Se dirá que lo anterior es normal. Al fin y al cabo, todavía se recuerda el Happy Birthday Mr. President que Marilyn Monroe le cantó a John Kennedy en 1962.

Pero fue un acto del Partido Demócrata, de y para sus seguidores. No sé si el ícono rubio cantó alguna canción con el nombre de Kennedy o se haya hecho otra celebración en las primarias demócratas o republicanas, para cualquier presidente de los EUA.

Que los chavistas quieran expresar su afecto a Maduro, me parece legítimo; que Maduro quiera celebrarlo con su familia y cercanos, es su derecho, pero ¿En el marco de unas elecciones de base, con gobernadores votando y picando tortas en centros de votación o en la calle, y diciéndolo, para que el Jefe lo sepa y lo vea? Eso, sin meternos en si hay uso de recursos públicos para anunciar o celebrar la fecha.  

Lo siento, eso es más Gómez que Kennedy. Menos musa y más adulación. Menos música y más felicitación. 

A lo mejor, buscar agradar a los jefes también es normal estos días, pero como republicano que soy, tengo sensibilidad a las formas de dominación públicas o privadas, y me protejo de ellas. Adular o los felicitadores, son formas de dominación, a mi juicio, de sociedades con el poder concentrado (aunque lo distribuyan de arriba hacia abajo, para hacer una analogía con Norberto Bobbio en este punto). 

La relación entre el poder y el afecto es tensa, pero una forma de abordarla es la franqueza en la relación, de manera que una esté aislada de la otra y pueda soportar las crisis, que ocurren con frecuencia en el mundo del poder. 

En Venezuela se legitima la idea del político como "padre". Algunos -con una falsa humildad- exageran con la primera persona del plural, "Nosotros creemos tal cosa", pero lo hacen cual entidad. La entidad. Otros exageran con la primera persona del singular: Yo aprobé, Yo firmé, Yo decidí, etc. Tienen en común que el poder y quien lo detenta, son la causa de mi suerte o de lo que pasa ¿No cantaré un cumpleaños feliz? Así las cosas, claro que lo canto ¡no una, mil veces!
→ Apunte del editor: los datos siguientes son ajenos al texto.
Lemma two_point_risk_chi2 :
  2 * a ^+ 2 * (7 / 4 - \prod_(t < T) (1 + S t i * chi2_sign a)) <=
  \sum_(w : outcome) outcome_prob R d T v S w * (final_output w i - a) ^+ 2
  + \sum_(w : outcome) outcome_prob R d T v_neg S w * (final_output w i + a) ^+ 2.
Proof.
rewrite [X in _ <= _ + X](reindex_inj (inv_inj flip_unsampledK)) /=.
under [X in _ <= _ + X]eq_bigr do
  rewrite outcome_prob_flip_unsampled final_output_flip_unsampled.
under [X in _ <= X + _]eq_bigr do rewrite outcome_prob_lratio.
rewrite -big_split /=.
have -> : 2 * a ^+ 2 * (7 / 4 - \prod_(t < T) (1 + S t i * chi2_sign a))
    = \sum_(w : outcome) Q w * (2 * a ^+ 2 * (2 * lratio w - lratio w ^+ 2 - 1 / 4)).
  have sum_Q_lratio : \sum_(w : outcome) Q w * lratio w = 1.
    by under eq_bigr do rewrite -outcome_prob_lratio; exact: sum_outcome_prob.
  have expand (w : outcome) : Q w * (2 * a ^+ 2 * (2 * lratio w - lratio w ^+ 2 - 1 / 4))
      = 4 * a ^+ 2 * (Q w * lratio w) - 2 * a ^+ 2 * (Q w * lratio w ^+ 2) - a ^+ 2 / 2 * Q w.
    by field.
  under [RHS]eq_bigr do rewrite expand.
  rewrite !sumrB -!mulr_sumr sum_Q_lratio sum_mixed_lratio_sqr sum_mixed_outcome_prob.
  by field.
apply: ler_sum => w _.
rewrite -[Q w * lratio w * _]mulrA -mulrDr ler_wpM2l ?two_point_quad_lb ?lratio_ge0 //.
apply: mixed_outcome_prob_ge0; exact: mixed_mean_bnd.
Qed.

Lemma two_point_risk :
  a ^+ 2 * (1 - 40 * a ^+ 2 * sample_count i) <=
  \sum_(w : outcome) outcome_prob R d T v S w * (final_output w i - a) ^+ 2
  + \sum_(w : outcome) outcome_prob R d T v_neg S w * (final_output w i + a) ^+ 2.
Proof.
have v_neg_bnd k : -1 < v_neg k < 1.
  by rewrite /v_neg; case: (k == i); [move: a_lt1 a_ge0 => ? ?; lra | exact: v_bnd].
have a2_ge0 := sqr_ge0 a; have n_ge0 := sample_count_ge0 i.
have [rare|] := lerP (40 * a ^+ 2 * sample_count i) 1; last first.
  move=> often; apply: le_trans (_ : 0 <= _); first by rewrite mulr_ge0_le0 //; lra.
  by rewrite addr_ge0 // sumr_ge0 // => w _; rewrite mulr_ge0 ?sqr_ge0 ?outcome_prob_ge0.
apply: le_trans two_point_risk_chi2.
have := prod_chi2_sign_le _ rare.
have : 0 <= a ^+ 2 * (40 * a ^+ 2 * sample_count i) by rewrite !mulr_ge0.
nra.
Qed.

End TwoPoint.

Section Assouad.
Variables (s kb : nat).

Local Notation signs := {ffun 'I_d -> bool}.
Lemma glue_blocks :
  [/\ (htgt (sub_label P) `&` hsrc (sub_label Q) = [set K])%classic,
      sub_src r (P :|: Q) = (sub_src r P `|` (sub_src r Q `\ K))%classic,
      sub_tgt r (P :|: Q) = ((sub_tgt r P `\ K) `|` sub_tgt r Q)%classic,
      E (sub_label (P :|: Q)) &
      open_src_uniq r (P :|: Q) /\ open_tgt_uniq r (P :|: Q)].
Proof.
split; [by case: sub_label_compose | exact: sub_src_union | exact: sub_tgt_union |
        exact: sub_label_union_E | split].
- exact: open_src_uniq_union.
- exact: open_tgt_uniq_union.
Qed.

End Union.

(* A stage of a gluing sequence is encoded on the nodes of [r]: [X] is the set of
   arrows glued so far and [rho] maps every node to the representative of its
   block, i.e. of its connected component for the arrows in [X]. *)
Definition block (rho : N -> N) y := [set x in V0 | rho x == y].
Definition block_label rho y := sub_label (block rho y).

Lemma in_block rho y x : (x \in block rho y) = (x \in V0) && (rho x == y).
Proof. by rewrite inE. Qed.

Record glue_state (rho : N -> N) (X : {set N * N}) : Prop := GlueState {
  glued_sub : X \subset A0;
  repr_in : {in V0, forall x, rho x \in V0};
  repr_connect : {in V0, forall x, connect (arrow_adj X) x (rho x)};
  repr_glued : {in X, forall b, rho b.1 = rho b.2};
  repr_idem : {in V0, forall x, rho (rho x) = rho x};
  block_wf : {in V0, forall y, rho y = y ->
    [/\ E (block_label rho y), open_src_uniq r (block rho y) &
         open_tgt_uniq r (block rho y)]}
}.
(* KKT condition in the variable z = ln (1 + a p) >= 0. *)
Lemma Pstar_KKT : exists z, 0 <= z /\ 1 + a * Pstar a T lam = exp z /\
  forall y, 0 <= y -> 0 <= rate_cost_slope z * (y - z).
Proof.
  pose proof c_pos as hc.
  destruct (Plam_stationary a T lam ha hlam) as [s [hPs [hsT hs]]].
  destruct (Rle_lt_dec 0 s) as [hs0 | hs0].
  - exists s; split; [exact hs0 | split].
    + rewrite Pstar_eq_Rmax, Rmax_right; [exact hPs |].
      pose proof (exp_ge_1 s hs0); nra.
    + intros y _.
      replace (rate_cost_slope s) with 0; [lra |].
      unfold rate_cost_slope.
      replace (lam * exp s / a) with (2 * a * (c * T - s) / (a * c ^ 2))
        by (rewrite hs; field; lra).
      field; lra.
  - exists 0; split; [lra | split].
    + assert (exp s < 1) by (rewrite <- exp_0; apply exp_increasing, hs0).
      rewrite Pstar_eq_Rmax, Rmax_left, exp_0; nra.
    + intros y hy; apply Rmult_le_pos; [| lra].
      assert (exp s < 1) by (rewrite <- exp_0; apply exp_increasing, hs0).
      assert (hslope : a * c ^ 2 * rate_cost_slope 0 = lam * c ^ 2 - 2 * a * c * T)
        by (unfold rate_cost_slope; rewrite exp_0; field; lra).
      assert (hlc : 0 < lam * c ^ 2) by (apply Rmult_lt_0_compat; [exact hlam | apply pow_lt, hc]).
      apply (Rmult_le_reg_l (a * c ^ 2)); [apply Rmult_lt_0_compat; [exact ha | apply pow_lt, hc] |].
      rewrite Rmult_0_r, hslope; nra.
Qed.

Lemma rate_cost_log2 q : 0 <= q ->
  (log2 (1 + a * q) - T) ^ 2 + lam * q = rate_cost (ln (1 + a * q)).
Proof.
  intros hq; unfold rate_cost, log2; fold c.
  rewrite exp_ln by nra; f_equal; field; lra.
Qed.

Lemma Pstar_minimizes_Lagrangian q : 0 <= q ->
  (log2 (1 + a * Pstar a T lam) - T) ^ 2 + lam * Pstar a T lam
  <= (log2 (1 + a * q) - T) ^ 2 + lam * q.
Proof.
  intros hq.
  destruct Pstar_KKT as [z [hz [hPz hslope]]].
  rewrite !rate_cost_log2 by (assumption || apply Pstar_nonneg).
  rewrite hPz, ln_exp.
  set (y := ln (1 + a * q)).
  assert (hy : 0 <= y) by (apply nonneg_of_exp_ge_1; unfold y; rewrite exp_ln; nra).
  pose proof (rate_cost_tangent y z); pose proof (hslope y hy); lra.
Qed.

End Coordinate.

Lemma continuity_pt_Rmax f g x : continuity_pt f x -> continuity_pt g x ->
  continuity_pt (fun l => Rmax (f l) (g l)) x.
Proof.
  intros hf hg.
  apply (continuity_pt_locally_ext (fun l => (f l + g l + Rabs (f l - g l)) / 2) _ 1);
    [lra | intros y _; unfold Rmax, Rabs; destruct Rle_dec, Rcase_abs; lra |].
  reg.
Qed.

Lemma continuity_pt_Rmin f g x : continuity_pt f x -> continuity_pt g x ->
  continuity_pt (fun l => Rmin (f l) (g l)) x.
Proof.
  intros hf hg.
  apply (continuity_pt_locally_ext (fun l => (f l + g l - Rabs (f l - g l)) / 2) _ 1);
    [lra | intros y _; unfold Rmin, Rabs; destruct Rle_dec, Rcase_abs; lra |].
  reg.
Qed.

Lemma continuity_pt_Plam a T x : 0 < a -> 0 < x -> continuity_pt (Plam a T) x.
Proof.
  intros ha hx; pose proof c_pos as hc; unfold Plam.
  assert (hxc : 0 < x * c ^ 2) by (apply Rmult_lt_0_compat; [exact hx | apply pow_lt, hc]).
  reg; [| lra].
  apply continuity_pt_W0; rewrite Rpower_2_exp.
  apply Rmult_lt_0_compat; [| apply exp_pos].
  apply Rmult_lt_0_compat; [exact hxc | apply Rinv_0_lt_compat; lra].
Qed.

Lemma continuity_pt_Pstar a T x : 0 < a -> 0 < x -> continuity_pt (Pstar a T) x.
Proof.
  intros ha hx; apply continuity_pt_Rmin; [reg |].
  apply continuity_pt_Rmax; [reg | apply continuity_pt_Plam; assumption].
Qed.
El país se angosta en el campo de los méritos o de las realizaciones como persona. Ahora todo se mide en función de una categoría: si eres amigo de la causa o no, si eres leal o no, o los personajes que aplauden todo lo que haga el poder (de su bando, "porque estamos en guerra"), los Yes Man. También es la época de los felicitadores del poder, del amiguismo (la "república de los amigos" del gobierno o de la oposición), del nepotismo. 
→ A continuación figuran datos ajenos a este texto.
(* Consider the qubit generator families $$\mathcal L^{(1)}_t[\rho]=\gamma_1(t)\,(\sigma_x\rho\sigma_x-\rho),\qquad \mathcal L^{(2)}_t[\rho]=\gamma_2(t)\Big(\sigma_-\rho\sigma_+-\tfrac12\{\sigma_+\sigma_-,\rho\}\Big),$$ with $\sigma_\pm=(\sigma_x\pm\mathrm i\sigma_y)/2$. (a) If $\gamma_1(t)=\sin(2t)$ and $\gamma_2(t)=1$, then each of $\mathcal L^{(1)}$, $\mathcal L^{(2)}$ individually generates SSC dynamics consisting of CPTP maps for all $t\ge0$, but the family $\Lambda_t$ solving $\dot\Lambda_t=(\mathcal L^{(1)}_t+\mathcal L^{(2)}_t)\circ\Lambda_t$, $\Lambda_0=\mathrm{id}$, contains a map that is not completely positive (in particular $\Lambda_\pi$ is not completely positive). (b) If $\gamma_1(t)=1/2$ and $\gamma_2(t)=\sin t$, then again each of $\mathcal L^{(1)}$, $\mathcal L^{(2)}$ individually generates SSC dynamics consisting of CPTP maps for all $t\ge0$, but the map $\Lambda_{2\pi}$ generated by $\mathcal L^{(1)}_t+\mathcal L^{(2)}_t$ is not completely positive.
   Context: $\sigma_x,\sigma_y,\sigma_z$ are the Pauli matrices. A family of generators $\mathcal L_t$ generates the maps $\Lambda_t$ solving $\dot\Lambda_t=\mathcal L_t\circ\Lambda_t$ with $\Lambda_0$ the identity. For a commutative family ($[\mathcal L_s,\mathcal L_t]=0$) one has $\Lambda_t=\exp(\mathcal Z_t)$ with $\mathcal Z_t=\int_0^t\mathcal L_\tau d\tau$; the dynamics is SSC (semigroup-simulable and commutative) if, in addition, each $\mathcal Z_t$ is of GKSL form, i.e. $\mathcal Z_t[\rho]=-\mathrm i[H,\rho]+\sum_{i,j}\mathsf D_{ij}(F_i\rho F_j^\dagger-\frac12\{F_j^\dagger F_i,\rho\})$ with $\mathsf D\ge0$ in an orthonormal traceless operator basis $\{F_i\}$. *)

From Stdlib Require Import Reals.
Open Scope R_scope.

Record C := mkC { Re : R; Im : R }.
Definition C0 : C := mkC 0 0.
Definition C1 : C := mkC 1 0.
Definition Ci : C := mkC 0 1.
Definition RtoC (x : R) : C := mkC x 0.
Definition Cadd (z w : C) : C := mkC (Re z + Re w) (Im z + Im w).
Definition Copp (z : C) : C := mkC (- Re z) (- Im z).
Definition Csub (z w : C) : C := Cadd z (Copp w).
Definition Cmul (z w : C) : C :=
  mkC (Re z * Re w - Im z * Im w) (Re z * Im w + Im z * Re w).
Definition Cconj (z : C) : C := mkC (Re z) (- Im z).

Fixpoint Csum (n : nat) (f : nat -> C) : C :=
  match n with O => C0 | S m => Cadd (Csum m f) (f m) end.
(* sum over a qubit index; false = |0>, true = |1> *)
Definition Bsum (f : bool -> C) : C := Cadd (f false) (f true).

Definition M2 := bool -> bool -> C.
Definition Madd (A B : M2) : M2 := fun a b => Cadd (A a b) (B a b).
Definition Msub (A B : M2) : M2 := fun a b => Csub (A a b) (B a b).
Definition Mscale (z : C) (A : M2) : M2 := fun a b => Cmul z (A a b).
Definition Mmul (A B : M2) : M2 := fun a b => Bsum (fun c => Cmul (A a c) (B c b)).
Definition Mdag (A : M2) : M2 := fun a b => Cconj (A b a).
Definition Mtr (A : M2) : C := Bsum (fun a => A a a).
Definition Mzero : M2 := fun _ _ => C0.
Definition Mid : M2 := fun a b => if Bool.eqb a b then C1 else C0.
Definition comm (A B : M2) : M2 := Msub (Mmul A B) (Mmul B A).
Definition acomm (A B : M2) : M2 := Madd (Mmul A B) (Mmul B A).

Definition sx : M2 := fun a b => if Bool.eqb a b then C0 else C1.
Definition sy : M2 := fun a b =>
  match a, b with false, true => Copp Ci | true, false => Ci | _, _ => C0 end.
Definition sz : M2 := fun a b =>
  match a, b with false, false => C1 | true, true => Copp C1 | _, _ => C0 end.
Definition splus : M2 := Mscale (RtoC (/2)) (Madd sx (Mscale Ci sy)).
Definition sminus : M2 := Mscale (RtoC (/2)) (Msub sx (Mscale Ci sy)).

Definition Sop := bool -> bool -> bool -> bool -> C.
Definition apply (S : Sop) (rho : M2) : M2 :=
  fun a b => Bsum (fun c => Bsum (fun d => Cmul (S a b c d) (rho c d))).
Definition Eunit (c d : bool) : M2 :=
  fun a b => if andb (Bool.eqb a c) (Bool.eqb b d) then C1 else C0.
Definition sop_of (f : M2 -> M2) : Sop := fun a b c d => f (Eunit c d) a b.
Definition Scomp (S T : Sop) : Sop :=
  fun a b c d => Bsum (fun e => Bsum (fun f => Cmul (S a b e f) (T e f c d))).
Definition Sid : Sop := sop_of (fun rho => rho).
Definition Sadd (S T : Sop) : Sop := fun a b c d => Cadd (S a b c d) (T a b c d).

(* an operator on C^n (x) C^2, given as an n x n array of 2x2 blocks X i j *)
Definition blockPSD (n : nat) (X : nat -> nat -> M2) : Prop :=
  forall v : nat -> bool -> C,
    let q := Csum n (fun i => Csum n (fun j => Bsum (fun a => Bsum (fun b =>
               Cmul (Cconj (v i a)) (Cmul (X i j a b) (v j b)))))) in
    Im q = 0 /\ 0 <= Re q.
(* completely positive: id_n (x) S is positive for every n *)
Definition CP (S : Sop) : Prop :=
  forall (n : nat) (X : nat -> nat -> M2),
    blockPSD n X -> blockPSD n (fun i j => apply S (X i j)).
Definition TP (S : Sop) : Prop := forall rho : M2, Mtr (apply S rho) = Mtr rho.
Definition CPTP (S : Sop) : Prop := CP S /\ TP S.

Definition Cderiv (f : R -> C) (t : R) (z : C) : Prop :=
  derivable_pt_lim (fun s => Re (f s)) t (Re z) /\
  derivable_pt_lim (fun s => Im (f s)) t (Im z).
Definition Cintegral (f : R -> C) (a b : R) (z : C) : Prop :=
  (exists pr : Riemann_integrable (fun s => Re (f s)) a b, RiemannInt pr = Re z) /\
  (exists pr : Riemann_integrable (fun s => Im (f s)) a b, RiemannInt pr = Im z).

Definition solves (L : R -> Sop) (Lam : R -> Sop) : Prop :=
  (forall a b c d, Lam 0 a b c d = Sid a b c d) /\
  (forall t a b c d, Cderiv (fun s => Lam s a b c d) t (Scomp (L t) (Lam t) a b c d)).

Definition hermitian (H : M2) : Prop := forall a b, H a b = Cconj (H b a).
Definition Kdelta (i j : nat) : C := if Nat.eqb i j then C1 else C0.
Definition GKSL (Z : Sop) : Prop :=
  exists (H : M2) (F : nat -> M2) (D : nat -> nat -> C),
    hermitian H /\
    (forall i, (i < 3)%nat -> Mtr (F i) = C0) /\
    (forall i j, (i < 3)%nat -> (j < 3)%nat -> Mtr (Mmul (Mdag (F i)) (F j)) = Kdelta i j) /\
    (forall v : nat -> C,
       let q := Csum 3 (fun i => Csum 3 (fun j =>
                  Cmul (Cconj (v i)) (Cmul (D i j) (v j)))) in
       Im q = 0 /\ 0 <= Re q) /\
    (forall rho : M2,
       apply Z rho =
       Madd (Mscale (Copp Ci) (comm H rho))
         (fun a b => Csum 3 (fun i => Csum 3 (fun j =>
            Mscale (D i j)
              (Msub (Mmul (Mmul (F i) rho) (Mdag (F j)))
                    (Mscale (RtoC (/2)) (acomm (Mmul (Mdag (F j)) (F i)) rho))) a b)))).

Definition SSC (L : R -> Sop) : Prop :=
  (forall s t, 0 <= s -> 0 <= t -> forall a b c d,
      Scomp (L s) (L t) a b c d = Scomp (L t) (L s) a b c d) /\
  (forall t, 0 <= t -> exists Z : Sop,
      (forall a b c d, Cintegral (fun tau => L tau a b c d) 0 t (Z a b c d)) /\
      GKSL Z).

Definition SSC_CPTP (L : R -> Sop) : Prop :=
  SSC L /\ (exists Lam, solves L Lam) /\
  (forall Lam, solves L Lam -> forall t, 0 <= t -> CPTP (Lam t)).

Definition L1 (g : R -> R) (t : R) : Sop :=
  sop_of (fun rho => Mscale (RtoC (g t)) (Msub (Mmul (Mmul sx rho) sx) rho)).
Definition L2 (g : R -> R) (t : R) : Sop :=
  sop_of (fun rho => Mscale (RtoC (g t))
    (Msub (Mmul (Mmul sminus rho) splus)
          (Mscale (RtoC (/2)) (acomm (Mmul splus sminus) rho)))).
Definition Lsum (L L' : R -> Sop) (t : R) : Sop := Sadd (L t) (L' t).

(* Each generator is a real scalar multiple [g t * k] of a fixed superoperator [k].  Such a
   family is solved by [Lam t = exp (G t * k)] with [G] an antiderivative of [g] (uniqueness:
   [exp (- G t * k) Lam t] has zero derivative); when [G t >= 0] this exponential is a positive
   combination of two Kraus maps, hence CPTP, and [G t * k] is in GKSL form with a rank-one
   GKSL matrix.
   For the sum, the evolution is solved once (populations by variation of constants, the
   coherences as two independently decaying modes), and non-complete-positivity is read off any
   solution from the scalar ODEs of a few of its entries: in (a) the population
   [<0| Lam_PI (|0><0|) |0>] becomes negative; in (b) the Choi matrix of [Lam_2PI] contains the
   block [[p, (p + r)/2], [(p + r)/2, r]] with [p <> r], which is indefinite. *)

From Stdlib Require Import Reals Lra Lia FunctionalExtensionality.
From Coquelicot Require Import Hierarchy Derive RInt RInt_analysis Continuity AutoDerive.
Open Scope R_scope.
Lo anterior, lleva a lo que comienza a ser común en Venezuela: los puristas o más papistas que el Papa. Los guardianes de la identidad o de la pureza.  

Lo que priva es hacer manifestaciones de agrado al poder, porque mi suerte se decide allí, en una sociedad que depende del Estado, y con un sector privado cada vez más cerrado. Monopolizar las posibilidades de hacer una vida, lleva a jalar bolas. Parejo.  
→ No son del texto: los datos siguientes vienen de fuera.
Lemma dval_pos t :
  well_formed t -> (forall l, In l (leaves t) -> X (mu l)) ->
  on_side theta win (value mu t) -> 0 < d t.
Proof.
  induction t as [l|b cs IH] using tree_nested_ind; intros Hwf HX Hv.
  - apply dval_leaf_pos_iff; [apply HX; simpl; auto | exact Hv].
  - apply well_formed_node in Hwf; destruct Hwf as [Hne Hwf].
    assert (IHc : forall c, In c cs -> on_side theta win (value mu c) -> 0 < d c).
    { intros c Hc; apply IH; [exact Hc | now apply Hwf |].
      intros l Hl; apply HX; eapply leaves_child; eauto. }
    destruct (label_eq_dec b (Plab win)) as [Hb|Hb].
    + destruct (on_side_P_node theta mu win b cs Hb Hne Hv) as [c [Hc Hvc]].
      exact (dval_P_node_pos b cs c Hb Hc (IHc c Hc Hvc)).
    + apply dval_Q_node_pos; auto.
      intros c Hc; apply IHc, (on_side_Q_node theta mu win b cs Hb Hv c Hc); auto.
Qed.

Variables (cstar : tree -> nat) (arb : tree -> nat -> R).

Local Notation w := (weights dKL theta mu win cstar arb).

Definition descends_positively (t : tree) (l : nat) : Prop :=
  0 < d t /\ In l (leaves t) /\ 0 < w t l.

Lemma weights_P_node_child b cs l :
  b = Plab win -> cstar_valid dKL theta mu win cstar (Node b cs) ->
  0 < d (Node b cs) -> 0 < w (Node b cs) l ->
  exists c, In c cs /\ descends_positively c l.
Proof.
  intros Hb Hcs Hd Hw.
  destruct (Hcs b cs) as [Hk Hmax]; [simpl; auto | exact Hb |].
  cbn [weights] in Hw.
  destruct (Rlt_dec 0 (d (Node b cs))) as [_|]; [|contradiction].
  replace (label_eqb b (Plab win)) with true in Hw
    by (symmetry; now apply label_eqb_true).
  rewrite (nth_indep _ [] (leaves (Leaf 0))), map_nth in Hw
    by (now rewrite length_map).
  rewrite (nth_indep _ (fun _ => 0) (w (Leaf 0))), map_nth in Hw
    by (now rewrite length_map).
  set (k := cstar (Node b cs)) in *.
  assert (Hin : In (nth k cs (Leaf 0)) cs) by now apply nth_In.
  exists (nth k cs (Leaf 0)); split; [exact Hin|].
  destruct (in_dec Nat.eq_dec l (leaves (nth k cs (Leaf 0)))) as [Hl|]; [|lra].
  split; [|split; assumption].
  cbn [dval] in Hd.
  replace (label_eqb b (Plab win)) with true in Hd
    by (symmetry; now apply label_eqb_true).
  assert (Hne : map d cs <> []) by (destruct cs; simpl in *; [lia | congruence]).
  destruct (proj1 (in_map_iff _ _ _) (maxlist_in _ Hne)) as [c [Hc Hc_in]].
  specialize (Hmax c Hc_in); lra.
Qed.
Lemma affine_form_eq_on (S : pred {set 'I_m}) J1 J2 c1 c2 x0 :
  S x0 -> edge_in_every_direction S ->
  (forall x, S x -> affine_form J1 c1 x = affine_form J2 c2 x) ->
  affine_form J1 c1 =1 affine_form J2 c2.
Proof.
move=> Sx0 edges E.
have EJ : J1 =1 J2.
  move=> k; have [x /andP[Sx Sxk]] := edges k.
  by move: (E _ Sxk); rewrite !affine_form_toggle E // => /addbI.
have Ec : c1 = c2 by move: (E _ Sx0); rewrite /affine_form (eq_bigl _ _ EJ) => /addbI.
by move=> x; rewrite /affine_form (eq_bigl _ _ EJ) Ec.
Qed.

Variables (R : 'I_m -> 'I_m -> bool) (e : 'I_m -> bool).

Definition tri_form i := affine_form (fun j => (j < i)%N && R i j) (e i).

Definition tri_var i x := (i \in x) (+) tri_form i x.

Lemma tri_var_toggle i x k :
  tri_var i (toggle x k) = tri_var i x (+) ((i == k) (+) ((k < i)%N && R i k)).
Proof. by rewrite /tri_var /tri_form affine_form_toggle inE addbACA. Qed.

Lemma tri_var_inj x y : (forall i, tri_var i x = tri_var i y) -> x = y.
Proof.
move=> E; apply/setP => i.
elim/ltn_ind: {i}(val i) {-2}i (erefl (val i)) => n IH i ni.
have Etri : tri_form i x = tri_form i y.
  rewrite /tri_form /affine_form; congr (_ (+) _).
  by apply: eq_bigr => j /andP[ji _]; apply: (IH j) => //; rewrite -ni.
by move: (E i); rewrite /tri_var Etri => /addIb.
Qed.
Tengo una tierrita fuera de Caracas, monte adentro. Allí se producen aguacates. En mi próximo contacto con figuras del poder, les llevaré unos aguacates, como muestra de mi lealtad, que soy amigo de la causa, y como homenaje a los modos gomecistas para el poder, presentes en la sociedad venezolana, más de lo que se quiere reconocer.